# TASK INPUTS
☆ ☆ ☆ ☆

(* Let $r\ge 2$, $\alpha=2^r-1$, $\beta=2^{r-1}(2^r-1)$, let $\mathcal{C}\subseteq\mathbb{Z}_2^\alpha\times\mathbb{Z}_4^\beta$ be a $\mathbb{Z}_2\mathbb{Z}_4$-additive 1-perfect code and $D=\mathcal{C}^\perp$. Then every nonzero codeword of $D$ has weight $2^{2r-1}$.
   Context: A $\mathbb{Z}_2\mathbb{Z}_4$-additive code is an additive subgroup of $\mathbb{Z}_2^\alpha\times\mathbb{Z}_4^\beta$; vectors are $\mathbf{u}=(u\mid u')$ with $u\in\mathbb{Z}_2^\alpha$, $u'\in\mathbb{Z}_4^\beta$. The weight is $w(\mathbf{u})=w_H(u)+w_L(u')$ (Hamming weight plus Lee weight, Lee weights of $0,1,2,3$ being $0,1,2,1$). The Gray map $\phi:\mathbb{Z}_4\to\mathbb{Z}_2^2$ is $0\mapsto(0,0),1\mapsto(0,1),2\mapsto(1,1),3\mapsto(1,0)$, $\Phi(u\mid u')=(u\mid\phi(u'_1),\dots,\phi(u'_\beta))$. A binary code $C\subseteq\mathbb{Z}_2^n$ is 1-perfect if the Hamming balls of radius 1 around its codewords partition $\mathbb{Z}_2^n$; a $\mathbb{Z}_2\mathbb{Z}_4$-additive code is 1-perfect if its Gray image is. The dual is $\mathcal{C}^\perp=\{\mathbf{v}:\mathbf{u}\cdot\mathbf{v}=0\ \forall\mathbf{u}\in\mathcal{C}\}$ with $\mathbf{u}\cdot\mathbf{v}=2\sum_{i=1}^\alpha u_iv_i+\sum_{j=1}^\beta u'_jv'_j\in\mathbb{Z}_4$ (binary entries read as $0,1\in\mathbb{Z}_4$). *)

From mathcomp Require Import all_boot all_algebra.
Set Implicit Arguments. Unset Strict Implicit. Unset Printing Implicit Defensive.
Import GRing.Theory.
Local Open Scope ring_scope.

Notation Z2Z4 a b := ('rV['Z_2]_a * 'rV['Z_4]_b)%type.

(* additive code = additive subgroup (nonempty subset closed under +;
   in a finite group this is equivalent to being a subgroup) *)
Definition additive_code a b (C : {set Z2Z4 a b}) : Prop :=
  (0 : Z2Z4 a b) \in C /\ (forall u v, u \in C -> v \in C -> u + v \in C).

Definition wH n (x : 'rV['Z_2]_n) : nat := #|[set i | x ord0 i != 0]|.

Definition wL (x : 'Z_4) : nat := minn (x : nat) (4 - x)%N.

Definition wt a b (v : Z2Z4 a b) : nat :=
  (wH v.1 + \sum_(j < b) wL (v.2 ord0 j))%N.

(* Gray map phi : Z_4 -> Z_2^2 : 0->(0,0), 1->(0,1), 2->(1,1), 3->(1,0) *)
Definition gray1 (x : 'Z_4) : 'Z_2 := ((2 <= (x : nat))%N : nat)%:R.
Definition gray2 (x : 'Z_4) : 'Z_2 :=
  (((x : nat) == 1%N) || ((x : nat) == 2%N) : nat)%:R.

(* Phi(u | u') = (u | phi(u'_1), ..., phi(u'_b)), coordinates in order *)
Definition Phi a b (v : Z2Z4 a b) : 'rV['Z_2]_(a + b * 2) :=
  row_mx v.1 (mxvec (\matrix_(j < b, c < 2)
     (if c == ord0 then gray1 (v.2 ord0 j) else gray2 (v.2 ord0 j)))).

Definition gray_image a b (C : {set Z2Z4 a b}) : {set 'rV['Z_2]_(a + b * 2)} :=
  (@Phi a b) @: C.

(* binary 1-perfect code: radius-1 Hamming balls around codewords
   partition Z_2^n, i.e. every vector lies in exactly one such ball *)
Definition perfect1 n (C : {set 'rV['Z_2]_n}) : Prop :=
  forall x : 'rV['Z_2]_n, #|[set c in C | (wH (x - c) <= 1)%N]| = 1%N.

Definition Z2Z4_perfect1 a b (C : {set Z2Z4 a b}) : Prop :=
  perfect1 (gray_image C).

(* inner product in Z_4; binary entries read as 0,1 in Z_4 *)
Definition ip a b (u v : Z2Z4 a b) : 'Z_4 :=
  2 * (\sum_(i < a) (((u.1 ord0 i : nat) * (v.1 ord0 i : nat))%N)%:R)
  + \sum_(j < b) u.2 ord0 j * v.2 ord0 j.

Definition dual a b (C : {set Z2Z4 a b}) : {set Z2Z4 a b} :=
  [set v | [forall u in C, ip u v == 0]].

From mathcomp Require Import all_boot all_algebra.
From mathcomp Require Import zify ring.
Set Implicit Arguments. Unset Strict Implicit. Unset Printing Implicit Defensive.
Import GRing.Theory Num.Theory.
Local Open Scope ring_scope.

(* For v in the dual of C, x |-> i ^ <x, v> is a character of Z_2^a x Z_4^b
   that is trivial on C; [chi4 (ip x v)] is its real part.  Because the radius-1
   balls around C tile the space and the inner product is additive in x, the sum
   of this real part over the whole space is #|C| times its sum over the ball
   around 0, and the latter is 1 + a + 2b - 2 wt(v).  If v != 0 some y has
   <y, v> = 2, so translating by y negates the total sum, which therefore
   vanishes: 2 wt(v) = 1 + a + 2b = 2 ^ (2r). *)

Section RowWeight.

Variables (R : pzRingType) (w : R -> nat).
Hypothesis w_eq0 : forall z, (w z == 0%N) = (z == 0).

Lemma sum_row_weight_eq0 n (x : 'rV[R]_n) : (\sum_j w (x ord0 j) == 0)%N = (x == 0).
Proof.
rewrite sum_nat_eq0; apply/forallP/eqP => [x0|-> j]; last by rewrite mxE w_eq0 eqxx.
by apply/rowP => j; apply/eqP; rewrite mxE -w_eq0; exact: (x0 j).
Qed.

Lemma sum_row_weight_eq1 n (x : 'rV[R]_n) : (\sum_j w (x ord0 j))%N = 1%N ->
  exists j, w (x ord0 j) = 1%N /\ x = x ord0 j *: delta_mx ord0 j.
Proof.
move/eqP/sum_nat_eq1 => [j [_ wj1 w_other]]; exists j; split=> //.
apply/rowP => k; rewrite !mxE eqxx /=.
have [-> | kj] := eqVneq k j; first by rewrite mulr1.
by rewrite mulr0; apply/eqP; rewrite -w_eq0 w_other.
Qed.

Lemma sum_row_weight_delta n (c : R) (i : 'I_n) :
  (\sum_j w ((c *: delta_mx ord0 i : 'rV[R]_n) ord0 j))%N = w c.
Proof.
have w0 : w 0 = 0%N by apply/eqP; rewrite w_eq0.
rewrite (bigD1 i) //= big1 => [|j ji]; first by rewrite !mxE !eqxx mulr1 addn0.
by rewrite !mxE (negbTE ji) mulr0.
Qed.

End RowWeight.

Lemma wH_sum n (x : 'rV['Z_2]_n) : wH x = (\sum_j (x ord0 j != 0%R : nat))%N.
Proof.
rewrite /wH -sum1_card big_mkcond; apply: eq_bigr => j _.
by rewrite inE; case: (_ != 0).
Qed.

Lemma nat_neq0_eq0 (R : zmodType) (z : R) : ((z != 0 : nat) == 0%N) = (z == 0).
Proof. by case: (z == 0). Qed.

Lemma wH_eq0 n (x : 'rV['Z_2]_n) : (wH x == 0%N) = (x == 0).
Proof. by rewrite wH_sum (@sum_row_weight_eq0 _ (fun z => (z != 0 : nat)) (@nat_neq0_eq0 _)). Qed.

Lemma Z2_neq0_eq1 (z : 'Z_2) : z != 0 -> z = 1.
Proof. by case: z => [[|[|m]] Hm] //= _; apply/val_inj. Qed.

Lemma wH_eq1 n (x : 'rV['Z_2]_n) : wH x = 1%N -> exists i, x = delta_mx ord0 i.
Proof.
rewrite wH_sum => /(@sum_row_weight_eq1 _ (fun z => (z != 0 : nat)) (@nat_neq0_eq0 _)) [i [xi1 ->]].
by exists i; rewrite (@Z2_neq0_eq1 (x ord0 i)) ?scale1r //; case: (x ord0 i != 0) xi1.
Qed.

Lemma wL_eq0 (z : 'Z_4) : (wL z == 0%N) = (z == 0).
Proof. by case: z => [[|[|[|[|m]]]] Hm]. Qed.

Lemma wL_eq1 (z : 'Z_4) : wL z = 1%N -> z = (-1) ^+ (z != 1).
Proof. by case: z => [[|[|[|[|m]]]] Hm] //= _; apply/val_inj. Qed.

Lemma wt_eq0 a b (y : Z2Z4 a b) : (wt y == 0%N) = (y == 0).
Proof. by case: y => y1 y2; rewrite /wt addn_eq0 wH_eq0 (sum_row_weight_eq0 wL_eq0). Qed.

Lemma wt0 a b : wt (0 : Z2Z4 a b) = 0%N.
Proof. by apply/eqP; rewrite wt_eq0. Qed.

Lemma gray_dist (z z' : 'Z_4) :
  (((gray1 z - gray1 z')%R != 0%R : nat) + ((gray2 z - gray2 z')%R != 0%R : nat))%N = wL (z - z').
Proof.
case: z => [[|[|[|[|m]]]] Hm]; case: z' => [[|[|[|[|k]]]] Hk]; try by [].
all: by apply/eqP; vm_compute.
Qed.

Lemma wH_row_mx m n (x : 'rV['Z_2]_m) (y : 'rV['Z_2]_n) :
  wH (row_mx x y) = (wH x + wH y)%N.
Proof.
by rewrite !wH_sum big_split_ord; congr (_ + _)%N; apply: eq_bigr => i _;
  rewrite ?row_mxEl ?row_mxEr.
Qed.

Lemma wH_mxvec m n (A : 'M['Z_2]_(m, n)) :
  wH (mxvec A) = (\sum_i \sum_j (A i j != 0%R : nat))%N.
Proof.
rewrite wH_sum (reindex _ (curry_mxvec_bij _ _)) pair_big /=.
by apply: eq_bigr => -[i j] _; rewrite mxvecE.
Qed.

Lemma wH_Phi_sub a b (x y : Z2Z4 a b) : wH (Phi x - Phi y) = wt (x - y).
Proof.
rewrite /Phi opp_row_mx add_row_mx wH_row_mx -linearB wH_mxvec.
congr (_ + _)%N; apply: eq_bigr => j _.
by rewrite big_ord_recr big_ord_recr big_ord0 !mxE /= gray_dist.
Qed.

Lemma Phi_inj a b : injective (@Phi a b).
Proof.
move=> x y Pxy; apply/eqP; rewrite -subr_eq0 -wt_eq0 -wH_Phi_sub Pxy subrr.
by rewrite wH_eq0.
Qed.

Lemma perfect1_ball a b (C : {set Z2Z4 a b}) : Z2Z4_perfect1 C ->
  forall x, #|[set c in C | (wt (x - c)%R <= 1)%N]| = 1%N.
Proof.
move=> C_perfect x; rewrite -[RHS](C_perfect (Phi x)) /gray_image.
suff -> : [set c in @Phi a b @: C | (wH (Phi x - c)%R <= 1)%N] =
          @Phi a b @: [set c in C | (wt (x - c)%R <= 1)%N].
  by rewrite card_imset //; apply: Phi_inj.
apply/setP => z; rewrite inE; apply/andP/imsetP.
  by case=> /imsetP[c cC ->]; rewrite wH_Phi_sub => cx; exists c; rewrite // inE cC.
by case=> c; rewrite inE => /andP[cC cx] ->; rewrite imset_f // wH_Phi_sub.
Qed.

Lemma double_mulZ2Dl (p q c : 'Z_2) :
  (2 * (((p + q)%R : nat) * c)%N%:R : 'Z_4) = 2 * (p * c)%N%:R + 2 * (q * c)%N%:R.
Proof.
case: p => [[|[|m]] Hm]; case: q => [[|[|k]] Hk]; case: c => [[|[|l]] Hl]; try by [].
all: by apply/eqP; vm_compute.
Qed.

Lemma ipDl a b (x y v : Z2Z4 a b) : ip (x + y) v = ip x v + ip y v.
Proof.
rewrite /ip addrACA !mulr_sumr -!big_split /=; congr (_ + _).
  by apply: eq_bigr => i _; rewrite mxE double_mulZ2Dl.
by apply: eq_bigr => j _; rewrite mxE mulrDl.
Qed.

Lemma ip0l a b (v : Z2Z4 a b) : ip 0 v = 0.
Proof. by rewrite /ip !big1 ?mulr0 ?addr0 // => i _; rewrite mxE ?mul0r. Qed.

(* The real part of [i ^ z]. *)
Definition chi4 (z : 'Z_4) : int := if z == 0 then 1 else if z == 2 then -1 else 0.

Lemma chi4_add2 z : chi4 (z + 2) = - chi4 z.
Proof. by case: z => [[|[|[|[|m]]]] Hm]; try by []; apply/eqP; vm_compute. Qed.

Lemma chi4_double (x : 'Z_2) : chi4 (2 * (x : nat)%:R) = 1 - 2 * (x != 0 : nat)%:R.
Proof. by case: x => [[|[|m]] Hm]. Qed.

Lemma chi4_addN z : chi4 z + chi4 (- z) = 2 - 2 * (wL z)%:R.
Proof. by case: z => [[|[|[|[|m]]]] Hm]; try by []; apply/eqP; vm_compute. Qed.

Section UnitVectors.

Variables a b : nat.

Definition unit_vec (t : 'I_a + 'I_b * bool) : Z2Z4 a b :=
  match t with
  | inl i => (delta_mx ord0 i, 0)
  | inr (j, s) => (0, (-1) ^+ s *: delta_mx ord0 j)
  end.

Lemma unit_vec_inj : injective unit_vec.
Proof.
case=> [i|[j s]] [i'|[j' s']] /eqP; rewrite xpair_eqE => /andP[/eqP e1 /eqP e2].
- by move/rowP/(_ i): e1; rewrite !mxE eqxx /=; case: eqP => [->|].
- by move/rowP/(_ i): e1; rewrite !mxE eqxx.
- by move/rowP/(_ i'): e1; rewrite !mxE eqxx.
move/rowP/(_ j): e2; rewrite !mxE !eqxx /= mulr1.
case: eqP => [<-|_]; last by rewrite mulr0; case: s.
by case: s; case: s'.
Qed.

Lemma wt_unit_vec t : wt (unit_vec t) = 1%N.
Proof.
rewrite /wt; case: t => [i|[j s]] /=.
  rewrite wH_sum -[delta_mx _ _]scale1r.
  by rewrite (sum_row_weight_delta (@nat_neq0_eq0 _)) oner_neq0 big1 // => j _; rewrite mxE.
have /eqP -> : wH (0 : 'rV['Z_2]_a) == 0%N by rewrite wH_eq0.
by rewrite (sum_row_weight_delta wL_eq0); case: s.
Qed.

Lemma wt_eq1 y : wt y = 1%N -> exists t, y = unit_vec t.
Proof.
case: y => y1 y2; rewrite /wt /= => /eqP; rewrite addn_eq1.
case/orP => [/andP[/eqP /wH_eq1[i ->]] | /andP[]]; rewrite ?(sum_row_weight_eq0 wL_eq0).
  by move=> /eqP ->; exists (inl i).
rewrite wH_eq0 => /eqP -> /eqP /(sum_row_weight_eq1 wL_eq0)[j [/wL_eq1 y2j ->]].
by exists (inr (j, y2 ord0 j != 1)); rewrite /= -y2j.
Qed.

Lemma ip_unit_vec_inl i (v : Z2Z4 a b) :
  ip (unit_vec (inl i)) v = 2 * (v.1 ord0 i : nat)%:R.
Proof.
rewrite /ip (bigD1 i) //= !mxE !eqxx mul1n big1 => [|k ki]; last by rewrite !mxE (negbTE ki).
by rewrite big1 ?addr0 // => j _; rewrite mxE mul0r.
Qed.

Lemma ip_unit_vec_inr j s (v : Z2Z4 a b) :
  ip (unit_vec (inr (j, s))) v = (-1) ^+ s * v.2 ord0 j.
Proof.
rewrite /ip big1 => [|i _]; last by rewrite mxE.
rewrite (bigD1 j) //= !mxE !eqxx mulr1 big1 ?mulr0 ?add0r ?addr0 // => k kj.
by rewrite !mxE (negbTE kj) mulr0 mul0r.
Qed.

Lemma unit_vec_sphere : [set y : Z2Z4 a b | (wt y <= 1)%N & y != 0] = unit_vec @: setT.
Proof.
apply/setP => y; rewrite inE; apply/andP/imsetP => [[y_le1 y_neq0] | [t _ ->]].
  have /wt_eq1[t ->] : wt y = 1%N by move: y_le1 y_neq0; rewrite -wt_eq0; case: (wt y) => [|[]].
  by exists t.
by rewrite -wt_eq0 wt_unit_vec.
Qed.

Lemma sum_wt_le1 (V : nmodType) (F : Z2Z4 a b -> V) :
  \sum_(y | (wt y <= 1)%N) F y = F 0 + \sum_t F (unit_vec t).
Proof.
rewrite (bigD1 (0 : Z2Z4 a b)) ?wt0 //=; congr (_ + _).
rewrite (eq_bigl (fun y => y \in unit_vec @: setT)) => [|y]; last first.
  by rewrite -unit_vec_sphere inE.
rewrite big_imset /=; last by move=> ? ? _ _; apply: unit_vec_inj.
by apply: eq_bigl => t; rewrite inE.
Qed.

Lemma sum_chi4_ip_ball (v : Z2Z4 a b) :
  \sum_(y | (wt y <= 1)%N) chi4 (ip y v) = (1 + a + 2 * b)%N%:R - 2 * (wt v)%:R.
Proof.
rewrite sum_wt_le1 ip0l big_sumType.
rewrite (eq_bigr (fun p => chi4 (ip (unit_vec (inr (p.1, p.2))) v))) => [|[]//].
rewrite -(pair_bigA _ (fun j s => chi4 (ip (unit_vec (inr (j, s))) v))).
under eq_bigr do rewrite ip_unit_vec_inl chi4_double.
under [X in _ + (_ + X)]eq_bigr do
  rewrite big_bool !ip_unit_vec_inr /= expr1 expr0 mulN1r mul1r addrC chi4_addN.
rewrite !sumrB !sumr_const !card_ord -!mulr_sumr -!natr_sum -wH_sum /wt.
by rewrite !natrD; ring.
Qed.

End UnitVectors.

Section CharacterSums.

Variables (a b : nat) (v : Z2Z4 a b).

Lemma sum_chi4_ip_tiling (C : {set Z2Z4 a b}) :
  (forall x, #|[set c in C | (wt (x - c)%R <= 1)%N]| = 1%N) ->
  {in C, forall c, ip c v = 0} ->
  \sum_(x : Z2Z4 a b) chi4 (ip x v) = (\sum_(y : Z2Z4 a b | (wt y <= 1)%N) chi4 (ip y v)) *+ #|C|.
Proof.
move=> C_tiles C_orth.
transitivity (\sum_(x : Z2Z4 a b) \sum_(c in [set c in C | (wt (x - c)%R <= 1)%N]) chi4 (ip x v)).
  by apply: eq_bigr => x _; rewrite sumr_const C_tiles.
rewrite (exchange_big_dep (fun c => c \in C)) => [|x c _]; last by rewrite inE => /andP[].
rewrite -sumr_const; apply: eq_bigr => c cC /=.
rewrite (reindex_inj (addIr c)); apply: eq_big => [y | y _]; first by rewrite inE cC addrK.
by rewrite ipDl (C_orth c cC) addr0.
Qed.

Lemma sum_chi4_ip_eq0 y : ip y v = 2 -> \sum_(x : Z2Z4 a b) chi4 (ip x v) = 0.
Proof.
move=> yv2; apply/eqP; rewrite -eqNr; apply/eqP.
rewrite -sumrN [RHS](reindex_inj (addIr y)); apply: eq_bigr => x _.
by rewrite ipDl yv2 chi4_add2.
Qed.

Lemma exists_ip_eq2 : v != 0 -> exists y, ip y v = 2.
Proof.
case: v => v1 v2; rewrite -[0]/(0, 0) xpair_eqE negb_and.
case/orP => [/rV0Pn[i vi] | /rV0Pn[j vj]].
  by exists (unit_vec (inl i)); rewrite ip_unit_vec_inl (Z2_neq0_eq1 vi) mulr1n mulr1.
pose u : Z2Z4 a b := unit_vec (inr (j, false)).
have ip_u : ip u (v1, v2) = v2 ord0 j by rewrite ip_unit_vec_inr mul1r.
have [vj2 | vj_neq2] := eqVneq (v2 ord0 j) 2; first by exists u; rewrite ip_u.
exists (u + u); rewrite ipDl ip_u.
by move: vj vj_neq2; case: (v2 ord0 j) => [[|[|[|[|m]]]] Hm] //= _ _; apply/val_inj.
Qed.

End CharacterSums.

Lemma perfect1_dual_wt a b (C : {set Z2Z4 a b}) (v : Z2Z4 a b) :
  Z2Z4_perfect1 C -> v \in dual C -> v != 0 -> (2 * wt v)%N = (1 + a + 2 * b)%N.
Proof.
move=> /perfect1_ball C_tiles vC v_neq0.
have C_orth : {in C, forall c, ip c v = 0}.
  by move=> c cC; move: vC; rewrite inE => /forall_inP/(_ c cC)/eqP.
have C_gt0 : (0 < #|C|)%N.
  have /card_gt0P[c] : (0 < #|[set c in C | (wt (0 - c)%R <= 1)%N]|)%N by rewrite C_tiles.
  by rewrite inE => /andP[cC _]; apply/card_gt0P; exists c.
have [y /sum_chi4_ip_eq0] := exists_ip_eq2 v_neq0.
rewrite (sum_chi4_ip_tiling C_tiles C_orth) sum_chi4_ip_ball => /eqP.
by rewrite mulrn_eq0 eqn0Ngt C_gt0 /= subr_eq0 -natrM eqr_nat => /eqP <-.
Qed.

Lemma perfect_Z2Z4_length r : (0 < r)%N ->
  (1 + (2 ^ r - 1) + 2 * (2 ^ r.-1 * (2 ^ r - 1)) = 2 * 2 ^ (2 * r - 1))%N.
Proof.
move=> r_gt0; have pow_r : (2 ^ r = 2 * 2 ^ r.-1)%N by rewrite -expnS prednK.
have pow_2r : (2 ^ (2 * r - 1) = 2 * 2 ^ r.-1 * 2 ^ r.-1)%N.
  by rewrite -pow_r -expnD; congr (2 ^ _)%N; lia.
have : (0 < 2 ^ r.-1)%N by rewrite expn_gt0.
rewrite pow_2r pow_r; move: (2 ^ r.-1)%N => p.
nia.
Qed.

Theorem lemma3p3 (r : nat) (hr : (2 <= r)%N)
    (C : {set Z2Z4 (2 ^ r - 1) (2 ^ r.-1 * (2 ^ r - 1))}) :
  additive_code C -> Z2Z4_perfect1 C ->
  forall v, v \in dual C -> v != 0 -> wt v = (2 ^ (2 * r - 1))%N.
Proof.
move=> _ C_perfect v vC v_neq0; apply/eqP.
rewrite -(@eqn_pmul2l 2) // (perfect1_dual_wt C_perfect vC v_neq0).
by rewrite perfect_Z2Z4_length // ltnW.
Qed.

☆ ☆ ☆ ☆

# EXERCISE
When you come to the line containing "Notation Z2Z4 a", give it and stop; before that, repeat each line of the material exactly from the first one.

# PROBLEM SOLUTION
(* Let $r\ge 2$, $\alpha=2^r-1$, $\beta=2^{r-1}(2^r-1)$, let $\mathcal{C}\subseteq\mathbb{Z}_2^\alpha\times\mathbb{Z}_4^\beta$ be a $\mathbb{Z}_2\mathbb{Z}_4$-additive 1-perfect code and $D=\mathcal{C}^\perp$. Then every nonzero codeword of $D$ has weight $2^{2r-1}$.
   Context: A $\mathbb{Z}_2\mathbb{Z}_4$-additive code is an additive subgroup of $\mathbb{Z}_2^\alpha\times\mathbb{Z}_4^\beta$; vectors are $\mathbf{u}=(u\mid u')$ with $u\in\mathbb{Z}_2^\alpha$, $u'\in\mathbb{Z}_4^\beta$. The weight is $w(\mathbf{u})=w_H(u)+w_L(u')$ (Hamming weight plus Lee weight, Lee weights of $0,1,2,3$ being $0,1,2,1$). The Gray map $\phi:\mathbb{Z}_4\to\mathbb{Z}_2^2$ is $0\mapsto(0,0),1\mapsto(0,1),2\mapsto(1,1),3\mapsto(1,0)$, $\Phi(u\mid u')=(u\mid\phi(u'_1),\dots,\phi(u'_\beta))$. A binary code $C\subseteq\mathbb{Z}_2^n$ is 1-perfect if the Hamming balls of radius 1 around its codewords partition $\mathbb{Z}_2^n$; a $\mathbb{Z}_2\mathbb{Z}_4$-additive code is 1-perfect if its Gray image is. The dual is $\mathcal{C}^\perp=\{\mathbf{v}:\mathbf{u}\cdot\mathbf{v}=0\ \forall\mathbf{u}\in\mathcal{C}\}$ with $\mathbf{u}\cdot\mathbf{v}=2\sum_{i=1}^\alpha u_iv_i+\sum_{j=1}^\beta u'_jv'_j\in\mathbb{Z}_4$ (binary entries read as $0,1\in\mathbb{Z}_4$). *)

From mathcomp Require Import all_boot all_algebra.
Set Implicit Arguments. Unset Strict Implicit. Unset Printing Implicit Defensive.
Import GRing.Theory.
Local Open Scope ring_scope.

Notation Z2Z4 a b := ('rV['Z_2]_a * 'rV['Z_4]_b)%type.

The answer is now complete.